• **Work required**: Look through the entries below and extract exactly the lines from the one containing "att) => length att" through the one containing "HPrim _ _ => True", ends included.

[Recorded data]
══════════
(* Let $Seq$ be a sequent of $\mathrm{L}^{\mathrm{R}}$. Then (1) $tr_{\mathrm{R}}(Seq)\in tr'_{\mathrm{R}}(Seq)$; (2) if $H\to T\in tr'_{\mathrm{R}}(Seq)$, then $\mathrm{HL}\vdash tr_{\mathrm{R}}(Seq)$ if and only if $\mathrm{HL}\vdash H\to T$.
   Context: $\mathrm{L}^{\mathrm{R}}$: types built from primitive types by $\backslash,/,\cdot$ and unary ${}^{\mathrm{R}}$; a sequent is $A_1,\dots,A_n\to C$ with $n\ge1$. Hypergraphs: given labels with arities, a graph is $G=\langle V,E,att,lab,ext\rangle$, $att:E\to V^\circledast$ (distinct nodes), $type(lab(e))=|att(e)|$, $ext\in V^\circledast$; $type(G)=|ext|$; isomorphic graphs identified. Handle $a^\bullet$: one edge labeled $a$ attached to $v_1\dots v_n$, all external. String graph $w^\bullet$ of $w=a_1\dots a_n$: nodes $v_0..v_n$, edges $e_i$ with $att(e_i)=v_{i-1}v_i$, $lab(e_i)=a_i$, $ext=v_0v_n$. Generalized string graph $(a_1^{\delta_1}\dots a_n^{\delta_n})^\bullet$ ($\delta_i\in\{0,1\}$): same but $att(e_i)=v_iv_{i-1}$ when $\delta_i=1$. Replacement $G[e/H]$: remove $e$, insert a disjoint copy of $H$, fuse $i$-th external node of $H$ with $i$-th attachment node of $e$; relabeling $G[e:=a]$. $\mathrm{HL}$: primitive types with arities (infinitely many of each); symbol $\$$ of any arity. Types: primitives; $N\div D$ ($D$ has exactly one $\$$-edge $d_0$, others labeled by types, $type(N)=type(D)$, $type(N\div D)=type_D(d_0)$); $\times(M)$ ($M$ type-labeled, $type(\times(M))=type(M)$). Graph sequent $H\to A$ with $type(H)=type(A)$. Axioms $p^\bullet\to p$. Rules: $(\div\to)$: for $N\div D$, $E_D=\{d_0,\dots,d_k\}$, $e\in E_H$ labeled $N$: from $H\to A$, $H_i\to lab(d_i)$ infer $H[e/D][d_0:=N\div D][d_1/H_1,\dots,d_k/H_k]\to A$; $(\to\div)$: from $D[d_0/F]\to N$ infer $F\to N\div D$; $(\times\to)$: $e\in E_G$ labeled $\times(F)$, from $G[e/F]\to A$ infer $G\to A$; $(\to\times)$: $E_M=\{m_1,\dots,m_l\}$, from $H_i\to lab(m_i)$ infer $M[m_1/H_1,\dots,m_l/H_l]\to\times(M)$. Translations: $tr_{\mathrm{R}}(p)=p$ (primitive of type 2), $tr_{\mathrm{R}}(A/B)=tr_{\mathrm{R}}(A)\div(\$\,tr_{\mathrm{R}}(B))^\bullet$, $tr_{\mathrm{R}}(B\backslash A)=tr_{\mathrm{R}}(A)\div(tr_{\mathrm{R}}(B)\,\$)^\bullet$, $tr_{\mathrm{R}}(A\cdot B)=\times((tr_{\mathrm{R}}(A)\,tr_{\mathrm{R}}(B))^\bullet)$, $tr_{\mathrm{R}}(A^{\mathrm{R}})=\times(M_A)$ where $M_A$ has nodes $v_1,v_2$, $ext=v_1v_2$, and one edge labeled $tr_{\mathrm{R}}(A)$ with $att=v_2v_1$; $tr_{\mathrm{R}}(A_1,\dots,A_n\to A)=(tr_{\mathrm{R}}(A_1)\dots tr_{\mathrm{R}}(A_n))^\bullet\to tr_{\mathrm{R}}(A)$. With $[A]^0=A$ and $[A]^1=A^{\mathrm{R}}$, for $Seq=A_1,\dots,A_n\to C$ the set $tr'_{\mathrm{R}}(Seq)$ consists of all graph sequents $(tr_{\mathrm{R}}(B_1)^{\delta_1}\dots tr_{\mathrm{R}}(B_n)^{\delta_n})^\bullet\to tr_{\mathrm{R}}(C)$ for all $\delta_i\in\{0,1\}$ and types $B_i$ with $A_i=[B_i]^{\delta_i}$. *)

From Stdlib Require Import List Arith Bool.
Import ListNotations.

(* Hypergraphs: nodes are 0 .. gnv-1; an edge is (label, attachment);   *)
(* ext is the sequence of external nodes.                               *)
Record graph (L : Type) : Type := mkGraph {
  gnv : nat;
  gedges : list (L * list nat);
  gext : list nat }.
Arguments mkGraph {L} _ _ _.
Arguments gnv {L} _.
Arguments gedges {L} _.
Arguments gext {L} _.

(* HL types.  HPrim x a : primitive type named x of arity a.
   Edge labels of graphs inside types are [option HLtype]; [None] is $. *)
Inductive HLtype : Type :=
| HPrim : nat -> nat -> HLtype
| HDiv : HLtype -> graph (option HLtype) -> HLtype
| HTimes : graph (option HLtype) -> HLtype.

Definition hgraph := graph (option HLtype).
Definition edge := (option HLtype * list nat)%type.

Definition is_dollar (e : edge) : bool :=
  match fst e with None => true | Some _ => false end.

Definition count_dollar (G : hgraph) : nat :=
  length (filter is_dollar (gedges G)).

Definition arity (A : HLtype) : nat :=
  match A with
  | HPrim _ a => a
  | HDiv _ D => match find is_dollar (gedges D) with
                | Some (_, att) => length att
                | None => 0 end
  | HTimes M => length (gext M)
  end.

Definition wf_graph_with (wt : HLtype -> Prop) (G : hgraph) : Prop :=
  (forall v, In v (gext G) -> v < gnv G) /\ NoDup (gext G) /\
  (fix go (es : list edge) : Prop :=
     match es with
     | nil => True
     | (lab, att) :: es' =>
        ((forall v, In v att -> v < gnv G) /\ NoDup att /\
         match lab with
         | None => True
         | Some T => wt T /\ arity T = length att
         end) /\ go es'
     end) (gedges G).

Fixpoint wf_type (A : HLtype) : Prop :=
  match A with
  | HPrim _ _ => True
  | HDiv N D => wf_type N /\ count_dollar D = 1 /\ arity N = length (gext D) /\
      (forall v, In v (gext D) -> v < gnv D) /\ NoDup (gext D) /\
      (fix go (es : list edge) : Prop :=
         match es with
         | nil => True
         | (lab, att) :: es' =>
            ((forall v, In v att -> v < gnv D) /\ NoDup att /\
             match lab with
             | None => True
             | Some T => wf_type T /\ arity T = length att
             end) /\ go es'
         end) (gedges D)
  | HTimes M => count_dollar M = 0 /\
      (forall v, In v (gext M) -> v < gnv M) /\ NoDup (gext M) /\
      (fix go (es : list edge) : Prop :=
         match es with
         | nil => True
         | (lab, att) :: es' =>
            ((forall v, In v att -> v < gnv M) /\ NoDup att /\
             match lab with
             | None => True
             | Some T => wf_type T /\ arity T = length att
             end) /\ go es'
         end) (gedges M)
  end.

Definition wf_graph (G : hgraph) : Prop := wf_graph_with wf_type G.

Definition wf_seq (H : hgraph) (A : HLtype) : Prop :=
  wf_graph H /\ count_dollar H = 0 /\ wf_type A /\ arity A = length (gext H).

Definition elab (G : hgraph) (i : nat) : option HLtype :=
  match nth_error (gedges G) i with Some (l, _) => l | None => None end.
Definition eatt (G : hgraph) (i : nat) : list nat :=
  match nth_error (gedges G) i with Some (_, a) => a | None => nil end.

Fixpoint find_index (v : nat) (l : list nat) : option nat :=
  match l with
  | nil => None
  | x :: l' => if Nat.eqb v x then Some 0
               else option_map S (find_index v l')
  end.

Definition memb (u : nat) (l : list nat) : bool := existsb (Nat.eqb u) l.

Definition rank (ext : list nat) (v : nat) : nat :=
  length (filter (fun u => negb (memb u ext)) (seq 0 v)).

Definition n_internal (H : hgraph) : nat := gnv H - length (gext H).

(* node map of a copy of H inserted in place of an edge with attachment
   [att]; internal nodes are numbered from [off] on; the i-th external
   node of H is fused with the i-th attachment node *)
Definition emb (H : hgraph) (att : list nat) (off : nat) (v : nat) : nat :=
  match find_index v (gext H) with
  | Some i => nth i att 0
  | None => off + rank (gext H) v
  end.
Theorem theorem3p2 (S : Type) (op : S -> S -> S)
  (op_assoc : forall x y z, op x (op y z) = op (op x y) z)
  (r : (S -> Prop) -> Prop)
  (hrJ : in_JS op r) (hr : idempotent op r)
  (R : ((nat -> S) -> Prop) -> (S -> Prop))
  (hR : forall F, Pf F -> r (R F)) :
  exists (mu : ((nat -> S) -> Prop) -> nat)
         (alpha : ((nat -> S) -> Prop) -> nat -> S)
         (tau : ((nat -> S) -> Prop) -> nat -> nat),
    (forall F, Pf F -> 1 <= mu F /\ Jk (mu F) (tau F)) /\
    (forall F G, Pf F -> Pf G -> proper_subset F G ->
       tau F (mu F) < tau G 1) /\
    (forall (m : nat) (Gs : nat -> ((nat -> S) -> Prop)) (fs : nat -> nat -> S),
       1 <= m ->
       (forall i, 1 <= i <= m -> Pf (Gs i)) ->
       (forall i, 1 <= i < m -> proper_subset (Gs i) (Gs (i + 1))) ->
       (forall i, 1 <= i <= m -> Gs i (fs i)) ->
       R (Gs 1)
         (lprod op (fun i => xkatf op (mu (Gs i)) (alpha (Gs i)) (tau (Gs i)) (fs i))
                (m - 1))).
Proof.
  destruct hrJ as [r_ultra r_Jsets].
  destruct (coherent_exists op op_assoc r r_ultra r_Jsets hr R hR) as [s Hs].
  exists (fun F => w_mu (s F)), (fun F => w_alpha (s F)), (fun F => w_tau (s F)).
  split; [|split].
  - intros F PF; destruct (Hs F PF) as [Hmu HJ _ _ _ _ _ _]; auto.
  - intros F G PF PG PFG; destruct (Hs G PG) as [_ _ _ _ _ _ Htau _]; auto.
  - intros m Gs fs Hm HP HS HF; destruct m as [|m]; [lia|].
    destruct (Hs (Gs 1) (HP 1 ltac:(lia))) as [_ _ _ HsubR _ _ _ _]; apply HsubR.
    replace (Datatypes.S m - 1) with m by lia.
    apply (coherent_chain op op_assoc r R s Hs); intros i Hi; [apply HP | apply HS | apply HF]; lia.
Qed.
══════════
• **Response to the exercise**:
                | Some (_, att) => length att
                | None => 0 end
  | HTimes M => length (gext M)
  end.

Definition wf_graph_with (wt : HLtype -> Prop) (G : hgraph) : Prop :=
  (forall v, In v (gext G) -> v < gnv G) /\ NoDup (gext G) /\
  (fix go (es : list edge) : Prop :=
     match es with
     | nil => True
     | (lab, att) :: es' =>
        ((forall v, In v att -> v < gnv G) /\ NoDup att /\
         match lab with
         | None => True
         | Some T => wt T /\ arity T = length att
         end) /\ go es'
     end) (gedges G).

Fixpoint wf_type (A : HLtype) : Prop :=
  match A with
  | HPrim _ _ => True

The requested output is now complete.